=== Goal of the exercise ===
Report, in full, each line of the material below in which the string "Arguments" occurs.

=== Supplied data ===

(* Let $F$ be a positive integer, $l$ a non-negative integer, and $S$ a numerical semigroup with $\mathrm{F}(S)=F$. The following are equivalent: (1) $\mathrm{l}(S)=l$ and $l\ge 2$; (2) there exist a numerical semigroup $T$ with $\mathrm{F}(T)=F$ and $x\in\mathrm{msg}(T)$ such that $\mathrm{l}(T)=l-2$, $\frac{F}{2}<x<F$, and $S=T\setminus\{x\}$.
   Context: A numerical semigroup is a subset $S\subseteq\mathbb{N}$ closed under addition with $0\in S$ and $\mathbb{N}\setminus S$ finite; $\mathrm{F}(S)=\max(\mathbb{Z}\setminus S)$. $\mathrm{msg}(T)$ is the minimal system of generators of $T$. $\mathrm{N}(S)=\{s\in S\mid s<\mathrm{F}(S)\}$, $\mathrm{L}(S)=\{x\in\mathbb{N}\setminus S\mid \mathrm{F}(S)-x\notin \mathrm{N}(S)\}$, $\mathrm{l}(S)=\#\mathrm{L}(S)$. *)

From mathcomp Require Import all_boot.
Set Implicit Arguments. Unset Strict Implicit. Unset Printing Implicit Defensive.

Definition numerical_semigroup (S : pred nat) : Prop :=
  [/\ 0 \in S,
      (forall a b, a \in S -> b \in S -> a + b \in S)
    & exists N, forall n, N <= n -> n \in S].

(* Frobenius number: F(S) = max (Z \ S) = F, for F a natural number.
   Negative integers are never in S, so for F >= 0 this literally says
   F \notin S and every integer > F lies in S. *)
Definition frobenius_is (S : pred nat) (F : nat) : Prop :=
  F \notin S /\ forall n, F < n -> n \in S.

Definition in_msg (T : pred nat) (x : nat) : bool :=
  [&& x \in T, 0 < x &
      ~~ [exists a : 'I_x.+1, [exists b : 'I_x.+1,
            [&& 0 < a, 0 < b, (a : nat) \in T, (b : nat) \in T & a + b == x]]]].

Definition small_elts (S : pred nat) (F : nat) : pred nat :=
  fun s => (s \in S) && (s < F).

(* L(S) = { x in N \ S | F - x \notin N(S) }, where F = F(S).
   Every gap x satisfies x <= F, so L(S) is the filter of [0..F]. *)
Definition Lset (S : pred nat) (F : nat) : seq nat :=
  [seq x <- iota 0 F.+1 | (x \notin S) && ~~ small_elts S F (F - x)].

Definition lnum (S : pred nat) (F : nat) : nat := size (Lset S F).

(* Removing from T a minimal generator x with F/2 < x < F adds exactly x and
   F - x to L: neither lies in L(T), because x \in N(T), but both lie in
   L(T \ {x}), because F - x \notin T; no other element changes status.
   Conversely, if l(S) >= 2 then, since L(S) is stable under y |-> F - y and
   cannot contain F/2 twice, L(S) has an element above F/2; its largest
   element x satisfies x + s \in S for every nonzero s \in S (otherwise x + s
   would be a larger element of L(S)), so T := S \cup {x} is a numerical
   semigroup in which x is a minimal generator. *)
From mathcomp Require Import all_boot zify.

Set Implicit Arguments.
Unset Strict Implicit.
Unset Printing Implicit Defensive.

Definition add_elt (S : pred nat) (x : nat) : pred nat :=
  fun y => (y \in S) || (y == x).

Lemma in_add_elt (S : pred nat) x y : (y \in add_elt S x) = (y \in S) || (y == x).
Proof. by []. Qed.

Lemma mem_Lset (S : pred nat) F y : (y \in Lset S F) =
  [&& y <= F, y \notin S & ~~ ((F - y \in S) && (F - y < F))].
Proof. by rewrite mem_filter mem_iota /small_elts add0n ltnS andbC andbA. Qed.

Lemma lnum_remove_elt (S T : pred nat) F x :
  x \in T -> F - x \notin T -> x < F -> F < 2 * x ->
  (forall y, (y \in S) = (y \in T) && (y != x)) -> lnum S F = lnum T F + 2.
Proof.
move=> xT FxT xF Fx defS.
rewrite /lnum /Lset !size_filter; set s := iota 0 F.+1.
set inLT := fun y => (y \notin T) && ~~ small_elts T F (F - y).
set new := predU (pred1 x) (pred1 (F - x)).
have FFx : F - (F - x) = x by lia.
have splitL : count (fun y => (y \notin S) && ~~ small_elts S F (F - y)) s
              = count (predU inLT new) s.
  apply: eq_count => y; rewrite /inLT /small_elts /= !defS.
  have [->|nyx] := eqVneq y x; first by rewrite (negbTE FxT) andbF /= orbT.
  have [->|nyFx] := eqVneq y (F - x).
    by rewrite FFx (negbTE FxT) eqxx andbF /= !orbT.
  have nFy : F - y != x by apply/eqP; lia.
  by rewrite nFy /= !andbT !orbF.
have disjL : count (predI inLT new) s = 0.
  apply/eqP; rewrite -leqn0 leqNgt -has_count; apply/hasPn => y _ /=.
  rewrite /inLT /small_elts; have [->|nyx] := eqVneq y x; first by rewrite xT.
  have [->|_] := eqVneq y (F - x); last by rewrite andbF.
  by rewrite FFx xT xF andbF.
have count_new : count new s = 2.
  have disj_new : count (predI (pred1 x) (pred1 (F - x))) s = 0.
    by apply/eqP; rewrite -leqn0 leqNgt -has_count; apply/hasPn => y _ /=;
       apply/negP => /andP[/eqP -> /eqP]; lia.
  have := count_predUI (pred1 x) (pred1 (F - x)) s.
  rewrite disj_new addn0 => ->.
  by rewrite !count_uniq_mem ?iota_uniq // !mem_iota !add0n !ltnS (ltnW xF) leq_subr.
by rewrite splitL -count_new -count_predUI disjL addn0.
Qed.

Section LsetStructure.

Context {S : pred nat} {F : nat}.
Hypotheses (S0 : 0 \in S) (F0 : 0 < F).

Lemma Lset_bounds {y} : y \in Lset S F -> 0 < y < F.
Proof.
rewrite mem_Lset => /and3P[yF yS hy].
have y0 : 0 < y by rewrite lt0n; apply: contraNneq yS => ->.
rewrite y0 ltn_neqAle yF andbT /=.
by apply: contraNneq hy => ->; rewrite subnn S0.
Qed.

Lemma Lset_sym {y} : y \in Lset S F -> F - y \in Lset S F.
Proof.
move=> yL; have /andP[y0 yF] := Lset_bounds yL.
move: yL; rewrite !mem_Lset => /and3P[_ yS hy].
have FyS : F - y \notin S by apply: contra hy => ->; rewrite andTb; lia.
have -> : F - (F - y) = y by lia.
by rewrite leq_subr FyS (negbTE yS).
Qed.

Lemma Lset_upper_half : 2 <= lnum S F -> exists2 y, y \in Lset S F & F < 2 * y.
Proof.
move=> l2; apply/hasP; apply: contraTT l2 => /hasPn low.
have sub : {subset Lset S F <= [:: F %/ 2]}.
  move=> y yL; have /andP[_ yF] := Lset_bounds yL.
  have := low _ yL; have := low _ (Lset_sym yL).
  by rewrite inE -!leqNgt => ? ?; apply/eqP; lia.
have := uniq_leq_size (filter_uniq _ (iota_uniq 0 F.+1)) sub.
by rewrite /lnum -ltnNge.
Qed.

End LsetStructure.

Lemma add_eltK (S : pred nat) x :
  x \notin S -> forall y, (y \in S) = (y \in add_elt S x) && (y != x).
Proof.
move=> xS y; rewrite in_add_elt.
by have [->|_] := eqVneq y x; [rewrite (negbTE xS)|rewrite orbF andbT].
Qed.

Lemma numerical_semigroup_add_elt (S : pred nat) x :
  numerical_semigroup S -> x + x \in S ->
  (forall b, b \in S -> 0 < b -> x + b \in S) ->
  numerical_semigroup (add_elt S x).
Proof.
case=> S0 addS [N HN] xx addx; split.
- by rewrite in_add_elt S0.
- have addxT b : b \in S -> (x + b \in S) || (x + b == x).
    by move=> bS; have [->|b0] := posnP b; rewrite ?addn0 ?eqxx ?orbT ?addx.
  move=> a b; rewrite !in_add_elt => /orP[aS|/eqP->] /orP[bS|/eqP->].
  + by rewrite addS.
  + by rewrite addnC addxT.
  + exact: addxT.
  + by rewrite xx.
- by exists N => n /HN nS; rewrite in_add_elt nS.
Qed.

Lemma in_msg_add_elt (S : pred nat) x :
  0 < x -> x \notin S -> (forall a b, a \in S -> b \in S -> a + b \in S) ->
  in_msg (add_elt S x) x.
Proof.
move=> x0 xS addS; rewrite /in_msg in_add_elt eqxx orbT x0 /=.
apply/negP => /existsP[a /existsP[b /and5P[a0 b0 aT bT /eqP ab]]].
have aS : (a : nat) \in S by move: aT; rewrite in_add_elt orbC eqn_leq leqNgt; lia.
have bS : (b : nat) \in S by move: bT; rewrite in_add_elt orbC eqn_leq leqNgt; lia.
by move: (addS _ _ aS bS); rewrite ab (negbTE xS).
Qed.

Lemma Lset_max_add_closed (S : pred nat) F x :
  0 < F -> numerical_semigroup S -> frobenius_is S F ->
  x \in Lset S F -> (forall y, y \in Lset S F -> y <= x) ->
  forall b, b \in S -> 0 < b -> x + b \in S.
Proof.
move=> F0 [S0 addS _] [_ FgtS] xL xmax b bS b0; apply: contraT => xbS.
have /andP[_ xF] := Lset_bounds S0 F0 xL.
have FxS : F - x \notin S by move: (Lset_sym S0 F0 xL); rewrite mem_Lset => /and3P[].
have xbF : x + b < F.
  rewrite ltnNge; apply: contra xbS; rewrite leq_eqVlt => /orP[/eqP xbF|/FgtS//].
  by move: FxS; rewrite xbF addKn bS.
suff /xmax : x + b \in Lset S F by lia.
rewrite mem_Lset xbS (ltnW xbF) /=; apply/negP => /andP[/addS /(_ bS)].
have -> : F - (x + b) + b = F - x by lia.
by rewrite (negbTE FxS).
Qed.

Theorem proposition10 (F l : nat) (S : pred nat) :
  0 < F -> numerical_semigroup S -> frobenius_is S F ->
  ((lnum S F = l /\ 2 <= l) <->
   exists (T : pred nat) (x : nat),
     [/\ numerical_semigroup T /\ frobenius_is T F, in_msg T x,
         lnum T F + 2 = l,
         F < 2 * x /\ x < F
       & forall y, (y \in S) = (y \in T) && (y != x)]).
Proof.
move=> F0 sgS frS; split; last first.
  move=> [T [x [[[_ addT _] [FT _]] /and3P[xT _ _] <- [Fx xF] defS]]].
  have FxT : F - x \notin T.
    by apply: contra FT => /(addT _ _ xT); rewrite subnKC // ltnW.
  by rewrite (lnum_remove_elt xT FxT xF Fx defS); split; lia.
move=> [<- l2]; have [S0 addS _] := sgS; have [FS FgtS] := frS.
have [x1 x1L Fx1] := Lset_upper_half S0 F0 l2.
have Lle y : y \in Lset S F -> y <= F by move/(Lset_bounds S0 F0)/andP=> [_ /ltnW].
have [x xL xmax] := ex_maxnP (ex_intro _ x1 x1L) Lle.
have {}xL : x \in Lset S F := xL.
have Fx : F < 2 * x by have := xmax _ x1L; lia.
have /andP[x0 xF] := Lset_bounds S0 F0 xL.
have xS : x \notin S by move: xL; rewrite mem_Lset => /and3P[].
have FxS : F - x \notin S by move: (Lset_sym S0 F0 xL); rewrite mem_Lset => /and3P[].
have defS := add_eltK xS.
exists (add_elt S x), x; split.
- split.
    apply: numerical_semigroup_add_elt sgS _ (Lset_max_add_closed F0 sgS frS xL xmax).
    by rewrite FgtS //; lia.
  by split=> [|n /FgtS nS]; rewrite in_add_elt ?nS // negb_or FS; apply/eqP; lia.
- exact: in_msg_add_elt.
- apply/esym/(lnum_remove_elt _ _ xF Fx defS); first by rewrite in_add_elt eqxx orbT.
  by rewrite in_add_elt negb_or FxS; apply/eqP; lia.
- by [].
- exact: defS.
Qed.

=== Output of the task ===
Set Implicit Arguments. Unset Strict Implicit. Unset Printing Implicit Defensive.
Set Implicit Arguments.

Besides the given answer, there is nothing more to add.